## Work item
For the entries below, print exactly the lines between the line holding "pose proof (dot_lipschitz" and the line holding "[apply Rmult_le_compat_l; lra|].", inclusive, and nothing else.
[Opening Exercise data section]
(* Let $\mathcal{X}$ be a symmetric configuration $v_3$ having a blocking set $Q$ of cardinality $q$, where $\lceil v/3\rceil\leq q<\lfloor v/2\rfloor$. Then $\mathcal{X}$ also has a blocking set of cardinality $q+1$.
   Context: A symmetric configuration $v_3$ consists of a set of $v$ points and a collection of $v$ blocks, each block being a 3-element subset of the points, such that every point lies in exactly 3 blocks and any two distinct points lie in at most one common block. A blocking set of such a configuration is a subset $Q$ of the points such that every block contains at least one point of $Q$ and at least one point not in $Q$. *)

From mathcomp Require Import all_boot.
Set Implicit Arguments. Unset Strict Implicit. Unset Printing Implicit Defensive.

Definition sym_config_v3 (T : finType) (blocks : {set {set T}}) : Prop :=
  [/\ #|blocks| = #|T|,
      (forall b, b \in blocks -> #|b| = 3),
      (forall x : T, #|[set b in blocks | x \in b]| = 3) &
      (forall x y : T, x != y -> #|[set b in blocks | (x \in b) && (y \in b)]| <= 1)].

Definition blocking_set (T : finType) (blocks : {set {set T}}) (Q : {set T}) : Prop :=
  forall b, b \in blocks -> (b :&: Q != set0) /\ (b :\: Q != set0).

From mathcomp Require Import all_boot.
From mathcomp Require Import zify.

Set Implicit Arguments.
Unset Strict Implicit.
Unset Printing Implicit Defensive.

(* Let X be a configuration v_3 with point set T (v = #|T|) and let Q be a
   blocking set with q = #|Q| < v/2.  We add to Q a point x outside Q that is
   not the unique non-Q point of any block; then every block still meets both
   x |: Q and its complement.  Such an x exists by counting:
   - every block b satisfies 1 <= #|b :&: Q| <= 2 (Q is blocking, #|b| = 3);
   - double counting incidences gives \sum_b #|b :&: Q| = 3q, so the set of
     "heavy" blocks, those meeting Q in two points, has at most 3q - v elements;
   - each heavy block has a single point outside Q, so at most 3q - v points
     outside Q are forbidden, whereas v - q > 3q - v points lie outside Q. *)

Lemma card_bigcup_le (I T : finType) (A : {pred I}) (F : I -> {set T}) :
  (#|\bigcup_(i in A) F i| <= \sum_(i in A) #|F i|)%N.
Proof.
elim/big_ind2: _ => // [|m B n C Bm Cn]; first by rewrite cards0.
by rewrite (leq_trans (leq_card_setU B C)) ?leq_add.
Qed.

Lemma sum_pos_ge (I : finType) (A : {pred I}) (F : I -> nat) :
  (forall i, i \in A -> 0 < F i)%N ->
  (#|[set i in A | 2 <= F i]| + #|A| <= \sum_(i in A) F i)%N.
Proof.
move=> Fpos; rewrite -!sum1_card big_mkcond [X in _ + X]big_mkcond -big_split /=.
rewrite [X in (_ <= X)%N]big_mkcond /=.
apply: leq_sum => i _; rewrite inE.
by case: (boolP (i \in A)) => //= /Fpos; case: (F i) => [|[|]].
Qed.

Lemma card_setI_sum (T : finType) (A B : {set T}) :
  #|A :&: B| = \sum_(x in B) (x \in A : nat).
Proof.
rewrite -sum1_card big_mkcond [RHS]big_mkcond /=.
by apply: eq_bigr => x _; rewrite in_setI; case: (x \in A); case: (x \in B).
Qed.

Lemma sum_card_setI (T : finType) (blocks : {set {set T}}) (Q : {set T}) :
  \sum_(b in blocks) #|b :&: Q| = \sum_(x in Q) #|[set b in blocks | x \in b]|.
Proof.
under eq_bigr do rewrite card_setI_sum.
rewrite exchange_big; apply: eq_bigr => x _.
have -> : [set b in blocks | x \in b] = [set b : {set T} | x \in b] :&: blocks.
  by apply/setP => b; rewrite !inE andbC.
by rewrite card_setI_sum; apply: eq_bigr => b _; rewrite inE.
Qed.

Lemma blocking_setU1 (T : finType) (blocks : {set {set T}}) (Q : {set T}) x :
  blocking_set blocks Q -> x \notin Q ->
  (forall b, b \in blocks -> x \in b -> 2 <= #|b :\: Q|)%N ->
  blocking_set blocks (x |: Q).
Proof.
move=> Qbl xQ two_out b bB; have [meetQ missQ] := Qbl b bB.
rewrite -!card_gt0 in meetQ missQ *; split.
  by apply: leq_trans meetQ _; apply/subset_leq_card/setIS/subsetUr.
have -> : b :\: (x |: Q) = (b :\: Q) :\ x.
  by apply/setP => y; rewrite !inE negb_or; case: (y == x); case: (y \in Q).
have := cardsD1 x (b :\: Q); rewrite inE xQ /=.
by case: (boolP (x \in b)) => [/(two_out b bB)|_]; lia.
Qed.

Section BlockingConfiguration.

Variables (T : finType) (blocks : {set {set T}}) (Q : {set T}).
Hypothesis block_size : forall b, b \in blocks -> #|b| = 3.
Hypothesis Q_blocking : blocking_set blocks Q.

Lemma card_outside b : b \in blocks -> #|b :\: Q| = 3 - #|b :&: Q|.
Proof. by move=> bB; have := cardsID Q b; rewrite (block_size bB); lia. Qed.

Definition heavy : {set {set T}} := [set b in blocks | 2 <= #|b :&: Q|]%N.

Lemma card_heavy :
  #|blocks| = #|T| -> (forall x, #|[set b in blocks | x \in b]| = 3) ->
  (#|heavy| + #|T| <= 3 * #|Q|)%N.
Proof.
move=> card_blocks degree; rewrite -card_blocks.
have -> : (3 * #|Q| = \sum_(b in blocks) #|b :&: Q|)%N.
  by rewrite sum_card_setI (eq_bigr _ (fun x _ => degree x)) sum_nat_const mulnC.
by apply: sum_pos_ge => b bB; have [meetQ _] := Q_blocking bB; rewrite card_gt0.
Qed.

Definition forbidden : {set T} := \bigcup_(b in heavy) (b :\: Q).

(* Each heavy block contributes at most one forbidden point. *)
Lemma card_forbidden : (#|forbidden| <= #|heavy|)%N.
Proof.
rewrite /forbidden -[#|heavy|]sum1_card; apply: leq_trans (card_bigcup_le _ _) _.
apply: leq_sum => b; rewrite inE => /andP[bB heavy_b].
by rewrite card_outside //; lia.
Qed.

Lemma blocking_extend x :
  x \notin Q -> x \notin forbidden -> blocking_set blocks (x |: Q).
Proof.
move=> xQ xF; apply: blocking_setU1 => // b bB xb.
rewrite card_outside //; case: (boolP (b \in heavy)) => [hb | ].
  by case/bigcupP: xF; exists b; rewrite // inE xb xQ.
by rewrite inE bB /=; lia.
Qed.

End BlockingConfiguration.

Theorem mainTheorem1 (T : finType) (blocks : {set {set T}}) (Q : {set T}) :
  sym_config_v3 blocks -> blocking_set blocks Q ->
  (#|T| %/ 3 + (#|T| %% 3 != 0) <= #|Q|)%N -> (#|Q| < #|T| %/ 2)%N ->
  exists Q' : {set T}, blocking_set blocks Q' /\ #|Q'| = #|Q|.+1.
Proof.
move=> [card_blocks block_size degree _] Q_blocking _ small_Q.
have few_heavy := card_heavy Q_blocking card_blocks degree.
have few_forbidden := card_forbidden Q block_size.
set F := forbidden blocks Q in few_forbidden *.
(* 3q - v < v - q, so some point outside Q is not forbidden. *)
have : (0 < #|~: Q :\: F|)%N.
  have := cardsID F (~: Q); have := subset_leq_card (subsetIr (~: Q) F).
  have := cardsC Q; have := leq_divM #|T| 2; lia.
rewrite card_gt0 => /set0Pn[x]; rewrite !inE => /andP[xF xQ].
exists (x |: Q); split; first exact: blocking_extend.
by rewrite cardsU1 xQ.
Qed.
[Closing Exercise data section]
[Opening Exercise data section]
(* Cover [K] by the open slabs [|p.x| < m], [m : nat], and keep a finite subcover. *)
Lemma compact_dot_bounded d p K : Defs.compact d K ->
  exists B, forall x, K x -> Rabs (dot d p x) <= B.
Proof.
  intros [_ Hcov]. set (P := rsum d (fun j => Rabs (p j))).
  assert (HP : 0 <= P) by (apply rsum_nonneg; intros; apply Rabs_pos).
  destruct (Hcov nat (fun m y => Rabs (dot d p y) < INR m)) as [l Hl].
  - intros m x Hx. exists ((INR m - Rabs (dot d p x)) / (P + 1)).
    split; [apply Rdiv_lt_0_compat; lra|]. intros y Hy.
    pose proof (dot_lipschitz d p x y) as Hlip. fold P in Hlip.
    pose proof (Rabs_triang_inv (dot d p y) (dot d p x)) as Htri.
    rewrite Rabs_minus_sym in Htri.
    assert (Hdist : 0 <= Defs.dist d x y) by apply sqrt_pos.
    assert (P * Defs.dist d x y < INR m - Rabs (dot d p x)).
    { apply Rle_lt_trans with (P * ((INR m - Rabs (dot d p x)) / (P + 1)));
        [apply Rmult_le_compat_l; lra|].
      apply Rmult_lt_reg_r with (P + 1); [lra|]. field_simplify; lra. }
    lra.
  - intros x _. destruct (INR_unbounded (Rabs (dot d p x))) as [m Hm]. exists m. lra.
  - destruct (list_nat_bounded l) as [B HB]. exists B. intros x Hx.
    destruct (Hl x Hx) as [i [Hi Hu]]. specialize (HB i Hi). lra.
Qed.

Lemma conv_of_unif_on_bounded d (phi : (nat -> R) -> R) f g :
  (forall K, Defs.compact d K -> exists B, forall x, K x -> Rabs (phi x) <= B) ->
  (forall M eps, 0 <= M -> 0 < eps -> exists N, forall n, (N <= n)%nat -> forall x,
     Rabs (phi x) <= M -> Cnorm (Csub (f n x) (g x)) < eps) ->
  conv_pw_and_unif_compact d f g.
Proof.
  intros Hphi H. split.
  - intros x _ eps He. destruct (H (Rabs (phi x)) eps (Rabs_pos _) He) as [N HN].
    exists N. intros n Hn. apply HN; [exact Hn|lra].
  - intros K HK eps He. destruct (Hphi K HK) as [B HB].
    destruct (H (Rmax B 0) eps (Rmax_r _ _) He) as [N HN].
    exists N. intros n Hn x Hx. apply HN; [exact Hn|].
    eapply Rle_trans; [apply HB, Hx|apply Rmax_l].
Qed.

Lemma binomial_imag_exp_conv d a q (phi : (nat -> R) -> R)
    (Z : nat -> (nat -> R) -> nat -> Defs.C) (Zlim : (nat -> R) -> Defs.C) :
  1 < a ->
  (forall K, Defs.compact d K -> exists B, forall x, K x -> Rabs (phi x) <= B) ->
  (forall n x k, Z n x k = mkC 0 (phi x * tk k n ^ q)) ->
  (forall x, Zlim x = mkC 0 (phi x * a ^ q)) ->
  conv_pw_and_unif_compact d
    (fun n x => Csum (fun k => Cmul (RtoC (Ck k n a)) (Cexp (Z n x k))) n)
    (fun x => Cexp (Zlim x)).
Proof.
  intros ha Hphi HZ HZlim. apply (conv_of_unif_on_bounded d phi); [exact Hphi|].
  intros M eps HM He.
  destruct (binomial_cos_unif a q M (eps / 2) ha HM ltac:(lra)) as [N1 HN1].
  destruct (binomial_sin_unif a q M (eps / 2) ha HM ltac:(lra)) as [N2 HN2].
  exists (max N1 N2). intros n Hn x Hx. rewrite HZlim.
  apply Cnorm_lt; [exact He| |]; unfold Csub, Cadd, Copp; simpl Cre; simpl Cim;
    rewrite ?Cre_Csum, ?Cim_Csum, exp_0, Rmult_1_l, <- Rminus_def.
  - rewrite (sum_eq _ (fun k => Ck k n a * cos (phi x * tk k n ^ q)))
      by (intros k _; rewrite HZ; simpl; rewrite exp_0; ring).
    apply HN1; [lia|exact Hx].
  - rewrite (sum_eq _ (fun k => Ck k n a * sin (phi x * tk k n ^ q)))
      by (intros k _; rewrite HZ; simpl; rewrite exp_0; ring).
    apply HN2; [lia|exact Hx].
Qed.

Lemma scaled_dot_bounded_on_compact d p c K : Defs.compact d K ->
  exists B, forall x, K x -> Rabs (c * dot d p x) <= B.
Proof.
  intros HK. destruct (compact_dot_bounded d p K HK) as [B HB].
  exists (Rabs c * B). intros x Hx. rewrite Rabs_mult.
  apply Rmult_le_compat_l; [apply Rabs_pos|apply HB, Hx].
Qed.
[Closing Exercise data section]
## Exercise response
    pose proof (dot_lipschitz d p x y) as Hlip. fold P in Hlip.
    pose proof (Rabs_triang_inv (dot d p y) (dot d p x)) as Htri.
    rewrite Rabs_minus_sym in Htri.
    assert (Hdist : 0 <= Defs.dist d x y) by apply sqrt_pos.
    assert (P * Defs.dist d x y < INR m - Rabs (dot d p x)).
    { apply Rle_lt_trans with (P * ((INR m - Rabs (dot d p x)) / (P + 1)));
        [apply Rmult_le_compat_l; lra|].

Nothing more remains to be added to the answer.